View: https://youtu.be/zuyuS04lD4o

MSI seems to have dropped the ball from its previous decent choices on the mid-range mobo's in the 300/400 series. While it'll handle the bigger cpus, it'll not do them justice, you'd need to move up to the really high end, like Godlike or similar, to get equitable ability to Asus and Gigabyte. Honestly I'd not put a 3900x/3950x on that board and not do much (if any) OC.
I've decided to not go with 3900x instead a 3700x unless you say a 3800x is worth it since its 3.9ghz instead of 3.6ghz. Now would my board easily handle the 3700x at stock speeds. Domt want to have to upgrade to a msi godlike for $600+. Unless maybe a $250-300 gigabyte or Asus. So maybe ill upgrade the board first and CPU after. Let me know your thoughts
 
I've decided to not go with 3900x instead a 3700x unless you say a 3800x is worth it since its 3.9ghz instead of 3.6ghz. Now would my board easily handle the 3700x at stock speeds. Domt want to have to upgrade to a msi godlike for $600+. Unless maybe a $250-300 gigabyte or Asus. So maybe ill upgrade the board first and CPU after. Let me know your thoughts

You're missing the point. Spending the extra money on a 3800x or 3900x isn't going to translate as more FPS in gaming. Even going from the 2600 to the 3700x, DMAN specifically indicated that his FPS didn't increase much at all. I'm sure they increased some, because the benchmarks in reviews bear that out. What they DON'T bear out, is the idea that going from a 3700x to a 3900x is going to improve your gaming experience, because in most cases, aside from a VERY FEW games that might see any benefits from those extra cores and threads beyond the 8/16 of the 3700x, there is no increase in FPS. Even if you are doing heavy multitasking, recording, streaming, encoding, etc., there is already an abundance of cores on the 3700x to the extent that adding more does not translate into an improvement in just about anything other than synthetic benchmarks.
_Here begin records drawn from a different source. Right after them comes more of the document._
(* Let $R$ be a ring, $M$ a nonzero left $R$-module, $\Omega$ an infinite set, $N$ either $\bigoplus_{i\in\Omega} M$ or $\prod_{i\in\Omega} M$, and $E=\mathrm{End}_R(N)$. Suppose that $U\subseteq E$ is a subset for which there exists a moiety $\Sigma\subseteq\Omega$ that is full with respect to $U$. Then there exist elements $x,y\in E$ such that $$E = yUy + yUyx + xyUy + xyUyx,$$ that is, every $f\in E$ can be written as $f = y u_1 y + y u_2 y x + x y u_3 y + x y u_4 y x$ for some $u_1,u_2,u_3,u_4\in U$.
   Context: Rings are unital and associative. Endomorphisms are written on the right of their arguments, so the product $fg$ in $E$ means ''first $f$, then $g$''. For $\Sigma\subseteq\Omega$, $M^{\Sigma}$ denotes the $R$-submodule of $N$ consisting of elements supported on the coordinates in $\Sigma$ (so $N = M^{\Sigma}\oplus M^{\Omega\setminus\Sigma}$). For $U\subseteq E$, let $U_{\{\Sigma\}}=\{f\in U : M^{\Sigma}f\subseteq M^{\Sigma},\ M^{\Omega\setminus\Sigma}f\subseteq M^{\Omega\setminus\Sigma}\}$. A subset $\Sigma\subseteq\Omega$ is called full with respect to $U\subseteq E$ if every $R$-endomorphism of $M^{\Sigma}$ is the restriction to $M^{\Sigma}$ of some member of $U_{\{\Sigma\}}$. A subset $\Sigma\subseteq\Omega$ is a moiety if $|\Sigma|=|\Omega|=|\Omega\setminus\Sigma|$. For subsets $A,B\subseteq E$, $A+B=\{a+b : a\in A, b\in B\}$ and $yAy=\{yay : a\in A\}$, etc. *)

From mathcomp Require Import all_boot all_algebra.
From Stdlib Require Import List.
Set Implicit Arguments. Unset Strict Implicit. Unset Printing Implicit Defensive.
Import GRing.Theory.
Local Open Scope ring_scope.

(* Elements of N are represented as functions Omega -> M.
   dsum = true  : N = direct sum  (finitely supported functions)
   dsum = false : N = direct product (all functions).
   Endomorphisms are maps vec -> vec, considered only on N
   (values outside N are irrelevant; equality of endomorphisms is
   pointwise equality on N). *)
Section Defs.
Variables (R : pzRingType) (M : lmodType R) (Omega : Type).

Definition vec := Omega -> M.

Definition infinite_type : Prop := forall s : list Omega, exists i, ~ List.In i s.

Definition finsupp (v : vec) : Prop :=
  exists s : list Omega, forall i, ~ List.In i s -> v i = 0.

Definition inN (dsum : bool) (v : vec) : Prop := if dsum then finsupp v else True.

Definition supported_on (S : Omega -> Prop) (v : vec) : Prop :=
  forall i, ~ S i -> v i = 0.

Definition inMS (dsum : bool) (S : Omega -> Prop) (v : vec) : Prop :=
  inN dsum v /\ supported_on S v.

Definition vadd (v w : vec) : vec := fun i => v i + w i.
Definition vscale (a : R) (v : vec) : vec := fun i => a *: v i.

Definition is_endo_on (P : vec -> Prop) (f : vec -> vec) : Prop :=
  (forall v, P v -> P (f v)) /\
  (forall v w, P v -> P w -> f (vadd v w) = vadd (f v) (f w)) /\
  (forall a v, P v -> f (vscale a v) = vscale a (f v)).

Definition inEnd (dsum : bool) (f : vec -> vec) : Prop := is_endo_on (inN dsum) f.

Definition stab_part (dsum : bool) (S : Omega -> Prop) (U : (vec -> vec) -> Prop)
  (f : vec -> vec) : Prop :=
  U f /\ (forall v, inMS dsum S v -> inMS dsum S (f v)) /\
  (forall v, inMS dsum (fun i => ~ S i) v -> inMS dsum (fun i => ~ S i) (f v)).

Definition full (dsum : bool) (U : (vec -> vec) -> Prop) (S : Omega -> Prop) : Prop :=
  forall g, is_endo_on (inMS dsum S) g ->
    exists u, stab_part dsum S U u /\ forall v, inMS dsum S v -> u v = g v.

Definition moiety (S : Omega -> Prop) : Prop :=
  (exists f : {i | S i} -> Omega, bijective f) /\
  (exists f : {i | ~ S i} -> Omega, bijective f).

End Defs.

From mathcomp Require Import all_boot all_algebra.
From Stdlib Require Import ClassicalEpsilon FunctionalExtensionality ProofIrrelevance List.
Set Implicit Arguments. Unset Strict Implicit. Unset Printing Implicit Defensive.
Local Open Scope ring_scope.
Import GRing.Theory.

(* A moiety S admits an involution p of Omega exchanging S and its complement.
   Take y to be the projection of N onto M^S and x the coordinate permutation
   induced by p; then 1 = y + x y x on N, so every f in E splits as
   f = y f y + y f x y x + x y x f y + x y x f x y x (composition read left to
   right).  Each of the four maps y h y, for h one of f, f x, x f, x f x, is an
   endomorphism of M^S, hence by fullness agrees on M^S with some u in U. *)

Section Involution.
Variables (Omega : Type) (S : Omega -> Prop).

Lemma involution_of_compl_bij (h : {i | S i} -> {i | ~ S i}) (k : {i | ~ S i} -> {i | S i}) :
  cancel h k -> cancel k h ->
  exists p : Omega -> Omega, involutive p /\ forall i, S (p i) <-> ~ S i.
Proof.
move=> hK kK.
pose p i := match excluded_middle_informative (S i) with
            | left Si => sval (h (exist _ i Si))
            | right nSi => sval (k (exist _ i nSi)) end.
have pS_eq i (Si : S i) : p i = sval (h (exist _ i Si)).
  rewrite /p; case: excluded_middle_informative => [Si'|//].
  by rewrite (proof_irrelevance _ Si' Si).
have pNS_eq i (nSi : ~ S i) : p i = sval (k (exist _ i nSi)).
  rewrite /p; case: excluded_middle_informative => [//|nSi'].
  by rewrite (proof_irrelevance _ nSi' nSi).
exists p; split=> i; case: (excluded_middle_informative (S i)) => [Si|nSi].
- by rewrite (pS_eq i Si); case E: (h _) => [j nSj] /=; rewrite (pNS_eq j nSj) -E hK.
- by rewrite (pNS_eq i nSi); case E: (k _) => [j Sj] /=; rewrite (pS_eq j Sj) -E kK.
- by rewrite (pS_eq i Si); case: (h _).
- by rewrite (pNS_eq i nSi); case: (k _).
Qed.

Lemma moiety_involution : moiety S ->
  exists p : Omega -> Omega, involutive p /\ forall i, S (p i) <-> ~ S i.
Proof.
move=> [[f1 [g1 f1K g1K]] [f2 [g2 f2K g2K]]].
exact: involution_of_compl_bij (can_comp g2K f1K) (can_comp g1K f2K).
Qed.

End Involution.

Section Corners.
Variables (R : pzRingType) (M : lmodType R) (Omega : Type) (dsum : bool).

Definition proj (S : Omega -> Prop) (v : vec M Omega) : vec M Omega :=
  fun i => if excluded_middle_informative (S i) then v i else 0.

Definition permv (p : Omega -> Omega) (v : vec M Omega) : vec M Omega :=
  fun i => v (p i).

Lemma is_endo_on_comp (P : vec M Omega -> Prop) (f g : vec M Omega -> vec M Omega) :
  is_endo_on P f -> is_endo_on P g -> is_endo_on P (f \o g).
Proof.
move=> [fP [fD fZ]] [gP [gD gZ]]; split; [|split] => /=.
- by move=> v Pv; apply/fP/gP.
- by move=> v w Pv Pw; rewrite gD // fD //; apply: gP.
- by move=> a v Pv; rewrite gZ // fZ //; apply: gP.
Qed.

Lemma inEnd_proj (S : Omega -> Prop) : inEnd dsum (proj S).
Proof.
split; [|split].
- move=> v; case: dsum => //= - [s vs]; exists s => i iNs; rewrite /proj.
  by case: excluded_middle_informative => // Si; apply: vs.
- move=> v w _ _; apply: functional_extensionality => i; rewrite /proj /vadd.
  by case: excluded_middle_informative => Si //; rewrite addr0.
- move=> a v _; apply: functional_extensionality => i; rewrite /proj /vscale.
  by case: excluded_middle_informative => Si //; rewrite scaler0.
Qed.

Lemma inEnd_permv (p : Omega -> Omega) : involutive p -> inEnd dsum (permv p).
Proof.
move=> pK; split; [|split] => // v.
case: dsum => //= - [s vs]; exists (map p s) => i iNps; apply: vs => i_s.
by apply: iNps; rewrite -(pK i); apply: in_map.
Qed.

Lemma projK (S : Omega -> Prop) (v : vec M Omega) : proj S (proj S v) = proj S v.
Proof.
apply: functional_extensionality => i; rewrite /proj.
by case: excluded_middle_informative.
Qed.

Lemma inMS_proj (S : Omega -> Prop) (v : vec M Omega) :
  inN dsum v -> inMS dsum S (proj S v).
Proof.
move=> Nv; split; first exact: (proj1 (inEnd_proj S)).
by move=> i nSi; rewrite /proj; case: excluded_middle_informative.
Qed.

Lemma proj_endo_on (S : Omega -> Prop) (h : vec M Omega -> vec M Omega) :
  inEnd dsum h -> is_endo_on (inMS dsum S) (proj S \o h).
Proof.
move=> hE; have [yhN [yhD yhZ]] := is_endo_on_comp (inEnd_proj S) hE.
split; [|split].
- by move=> v [Nv _]; apply: inMS_proj; apply: (proj1 hE).
- by move=> v w [Nv _] [Nw _]; apply: yhD.
- by move=> a v [Nv _]; apply: yhZ.
Qed.

Definition agrees_on_corner (S : Omega -> Prop) (u h : vec M Omega -> vec M Omega) :=
  forall w, inN dsum w -> u (proj S w) = proj S (h (proj S w)).

Lemma full_corner (U : (vec M Omega -> vec M Omega) -> Prop) (S : Omega -> Prop)
    (h : vec M Omega -> vec M Omega) :
  full dsum U S -> inEnd dsum h -> exists2 u, U u & agrees_on_corner S u h.
Proof.
move=> USfull hE; have [u [[Uu _] uh]] := USfull _ (proj_endo_on S hE).
by exists u => // w Nw; rewrite uh //; apply: inMS_proj.
Qed.

Section Swap.
Variables (S : Omega -> Prop) (p : Omega -> Omega).
Hypotheses (pK : involutive p) (pS : forall i, S (p i) <-> ~ S i).

Lemma proj_add_swap (v : vec M Omega) :
  v = vadd (proj S v) (permv p (proj S (permv p v))).
Proof.
apply: functional_extensionality => i; rewrite /vadd /proj /permv pK.
case: excluded_middle_informative => Si; case: excluded_middle_informative => Spi.
- by have := proj1 (pS i) Spi.
- by rewrite addr0.
- by rewrite add0r.
- by case: Spi; apply/pS.
Qed.

Lemma corner_decomposition (f u1 u2 u3 u4 : vec M Omega -> vec M Omega) (v : vec M Omega) :
  inEnd dsum f -> inN dsum v ->
  agrees_on_corner S u1 f -> agrees_on_corner S u2 (permv p \o f) ->
  agrees_on_corner S u3 (f \o permv p) -> agrees_on_corner S u4 (permv p \o f \o permv p) ->
  f v = vadd (vadd (proj S (u1 (proj S v))) (permv p (proj S (u2 (proj S v)))))
             (vadd (proj S (u3 (proj S (permv p v))))
                   (permv p (proj S (u4 (proj S (permv p v)))))).
Proof.
move=> [_ [fD _]] Nv u1f u2f u3f u4f.
have [xN _] := inEnd_permv pK; have [yN _] := inEnd_proj S.
have xNv := xN v Nv; have yNv := yN v Nv; have xyxNv := xN _ (yN _ xNv).
rewrite u1f // u2f // u3f // u4f //= !projK.
rewrite {1}(proj_add_swap v) fD //.
by rewrite {1}(proj_add_swap (f (proj S v))) {1}(proj_add_swap (f (permv p _))).
Qed.

End Swap.

End Corners.

Theorem lemma1 (R : pzRingType) (M : lmodType R) (Omega : Type) (dsum : bool)
  (U : (vec M Omega -> vec M Omega) -> Prop) :
  (exists m : M, m != 0) ->
  infinite_type Omega ->
  (forall u, U u -> inEnd dsum u) ->
  (exists S : Omega -> Prop, moiety S /\ full dsum U S) ->
  exists x y : vec M Omega -> vec M Omega,
    inEnd dsum x /\ inEnd dsum y /\
    forall f, inEnd dsum f ->
      exists u1 u2 u3 u4, U u1 /\ U u2 /\ U u3 /\ U u4 /\
        forall v, inN dsum v ->
          f v = vadd (vadd (y (u1 (y v)))           (* y u1 y     *)
                           (x (y (u2 (y v)))))      (* y u2 y x   *)
                     (vadd (y (u3 (y (x v))))       (* x y u3 y   *)
                           (x (y (u4 (y (x v)))))). (* x y u4 y x *)
Proof.
move=> _ _ _ [S [/moiety_involution [p [pK pS]] USfull]].
have xE : inEnd dsum (permv (M:=M) p) by apply: inEnd_permv.
exists (permv p), (proj S); split=> //; split; first exact: inEnd_proj.
move=> f fE.
have [u1 U1 u1f] := full_corner USfull fE.
have [u2 U2 u2f] := full_corner USfull (is_endo_on_comp xE fE).
have [u3 U3 u3f] := full_corner USfull (is_endo_on_comp fE xE).
have [u4 U4 u4f] := full_corner USfull (is_endo_on_comp (is_endo_on_comp xE fE) xE).
exists u1, u2, u3, u4; do 4!split=> //.
by move=> v Nv; apply: (corner_decomposition pK pS fE Nv u1f u2f u3f u4f).
Qed.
That could change some day, but for now, we are still, even when heavily tasked, seeing the most improvement reach a plateau when we are around the 6/12 or 8/16 threshold, in terms of seeing any benefit on a consumer machine from the addition of cores. Obviously, increasing single core perfomance, especially when there are lots of cores, always makes a difference. Because, speed/IPC.